Paulo Sérgio Pinheiro antes da Constituição de 1988

A atuação de Paulo Sérgio Pinheiro, antes de 1988, o qualifica ainda mais. Advogado formado em Direito pela Pontifícia Universidade Católica do Rio de Janeiro (PUC-RJ), doutorou-se em Ciência Política pela Universidade de Paris (França). Em 1974, foi um dos fundadores do Arquivo Leuenroth na Unicamp, universidade onde foi professor. No início da década de 1980, anos de ditadura, participou da constituição da Comissão Teotônio Vilela de Direitos Humanos. Paulo Sérgio, incentivado por Severo Gomes e em parceria com o professor Sergio Adorno, organiza o Núcleo de Estudos da Violência (NEV), com o objetivo de auxiliar a elaboração de políticas públicas contra a violência.

Paulo Sérgio Pinheiro, ao longo de sua vida, atuou em favor da vida dos outros. Tanto em momento sem liberdades democráticas, como depois, com liberdades garantidas pela Constituição de 1988. É importante notar a diferença entre lutar pelos direitos humanos em época de ditadura, sem habeas corpus e sem garantias constitucionais e defender os direitos humanos com o amparo de um Estado democrático de direito, em pleno funcionamento.

No primeiro caso, a vida está em risco.

Paulo Sérgio dedicou suas energias para os esquecidos, pessoas invisíveis no Brasil e no mundo, vítimas de Estados ditatoriais, autocráticos, indiferentes a qualquer forma de vida, humana, animal e vegetal.

As palavras: direitos humanos

“Direitos humanos”, “ser humano” e “humanismo”, assim como outras palavras, entram e saem da moda. Atualmente direitos humanos servem mais para distanciamentos do que aproximações. Muitos acham melhor evitar. Para não desagradar a plateia, paciência virou resiliência – resistência ao estresse frente ao trabalho competitivo –, racionalidade virou realismo – música no ouvido dos economistas – e egoísmo virou individualismo – disfarçando o Grande Ego da atualidade.

Essas trocas de palavras e tantas outras substituições indicam perda de significados ou substituição de sentido. São sintomas de mudanças. Sugerem outras prioridades como compulsão ao trabalho, valorização da realidade aparente, apego a imagens inanimadas no celular, desvalorizando a vida ou os prazeres singelos experimentados entre os seres vivos.
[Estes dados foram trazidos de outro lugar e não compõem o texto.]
Definition Rsubmodule (M : V -> Prop) :=
  [/\ M 0, forall x y, M x -> M y -> M (x + y)
    & forall r x, M x -> M (iota r *: x)].

Lemma Rsubmodule_sum M (I : Type) (r : seq I) (F : I -> V) :
  Rsubmodule M -> (forall i, M (F i)) -> M (\sum_(i <- r) F i).
Proof. by case=> M0 MD _ MF; apply: (big_ind M). Qed.

Lemma Rsubmodule_sub M x y : Rsubmodule M -> M x -> M y -> M (x - y).
Proof.
case=> _ MD MZ Mx My; apply: MD => //.
by rewrite -scaleN1r -(rmorphN1 iota); apply: MZ.
Qed.

Definition scaleset (c : K) (M : V -> Prop) : V -> Prop :=
  fun x => exists2 m, M m & x = c *: m.

Lemma scaleset_Rsubmodule c M : Rsubmodule M -> Rsubmodule (scaleset c M).
Proof.
case=> M0 MD MZ; split.
- by exists 0; rewrite ?scaler0.
- by move=> _ _ [x Mx ->] [y My ->]; exists (x + y); rewrite ?scalerDr //; apply: MD.
- move=> r _ [x Mx ->]; exists (iota r *: x); first exact: MZ.
  by rewrite !scalerA mulrC.
Qed.

Variables (n : nat) (b : n.-tuple V).

Definition Rspan : V -> Prop :=
  fun x => exists c : 'I_n -> R, x = \sum_i iota (c i) *: b`_i.

Lemma Rspan_Rsubmodule : Rsubmodule Rspan.
Proof.
split.
- by exists (fun=> 0); rewrite big1 // => i _; rewrite rmorph0 scale0r.
- move=> _ _ [c ->] [c' ->]; exists (fun i => c i + c' i); rewrite -big_split /=.
  by apply: eq_bigr => i _; rewrite rmorphD scalerDl.
- move=> r _ [c ->]; exists (fun i => r * c i); rewrite scaler_sumr.
  by apply: eq_bigr => i _; rewrite rmorphM scalerA.
Qed.

Hypothesis b_basis : basis_of fullv b.

Lemma Rspan_coord x : Rspan x <-> forall i, inR iota (coord b i x).
Proof.
split=> [[c ->] i | x_coord].
  by rewrite coord_sum_free ?(basis_free b_basis) //; apply: inR_iota.
have /fin_all_exists [c c_def] := x_coord.
exists c; rewrite {1}(coord_basis b_basis (memvf x)).
by apply: eq_bigr => i _; rewrite c_def.
Qed.

Lemma Rspan_nth (i : 'I_n) : Rspan b`_i.
Proof.
apply/Rspan_coord => j; rewrite coord_free ?(basis_free b_basis) //.
by exists (i == j)%:R; rewrite rmorph_nat.
Qed.

End Submodules.

Section Forms.
Variables (R : idomainType) (pi : R) (K : fieldType) (iota : {rmorphism R -> K}).
Variables (V : vectType K) (B : V -> V -> K).
Hypothesis B_linearl : forall c x y z, B (c *: x + y) z = c * B x z + B y z.
Hypothesis B_linearr : forall c x y z, B x (c *: y + z) = c * B x y + B x z.

Lemma form0l z : B 0 z = 0.
Proof.
have := B_linearl 1 0 0 z; rewrite scale1r addr0 mul1r => B0.
by apply: (addrI (B 0 z)); rewrite addr0 -B0.
Qed.

Lemma form0r z : B z 0 = 0.
Proof.
have := B_linearr 1 z 0 0; rewrite scale1r addr0 mul1r => B0.
by apply: (addrI (B z 0)); rewrite addr0 -B0.
Qed.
A história da mudança do sentido das palavras é longa. Capítulo importante foi escrito nos pós-Segunda Guerra. Começou com um personagem fictício: o self made man. Trata-se de um vencedor solitário, agressivo, com pouco apreço às gentilezas, inimigo contumaz do Estado e sócio das empresas produtoras de ansiolíticos do tipo Rivotril.

Este personagem, vencedor, tem pouco interesse em tecer amizades, comungar alegrias e construir afetos com pessoas fora da família e das redes sociais. Sonha com a diminuição da população mundial, defende a sobrevivência apenas dos mais fortes, valoriza a desconfiança, a desigualdade e anseia estar no topo da pirâmide social para saborear o exercício de um poder autoritário, patriarcal e profundamente hierárquico. Gosta de mandar e fazer grosserias. Supõe nunca ter aprendido nada com ninguém. Imagina ter feito tudo sozinho. Venceu pelo próprio esforço. É inimigo ferrenho da igualdade ou equidade. Assim começam as fantasias.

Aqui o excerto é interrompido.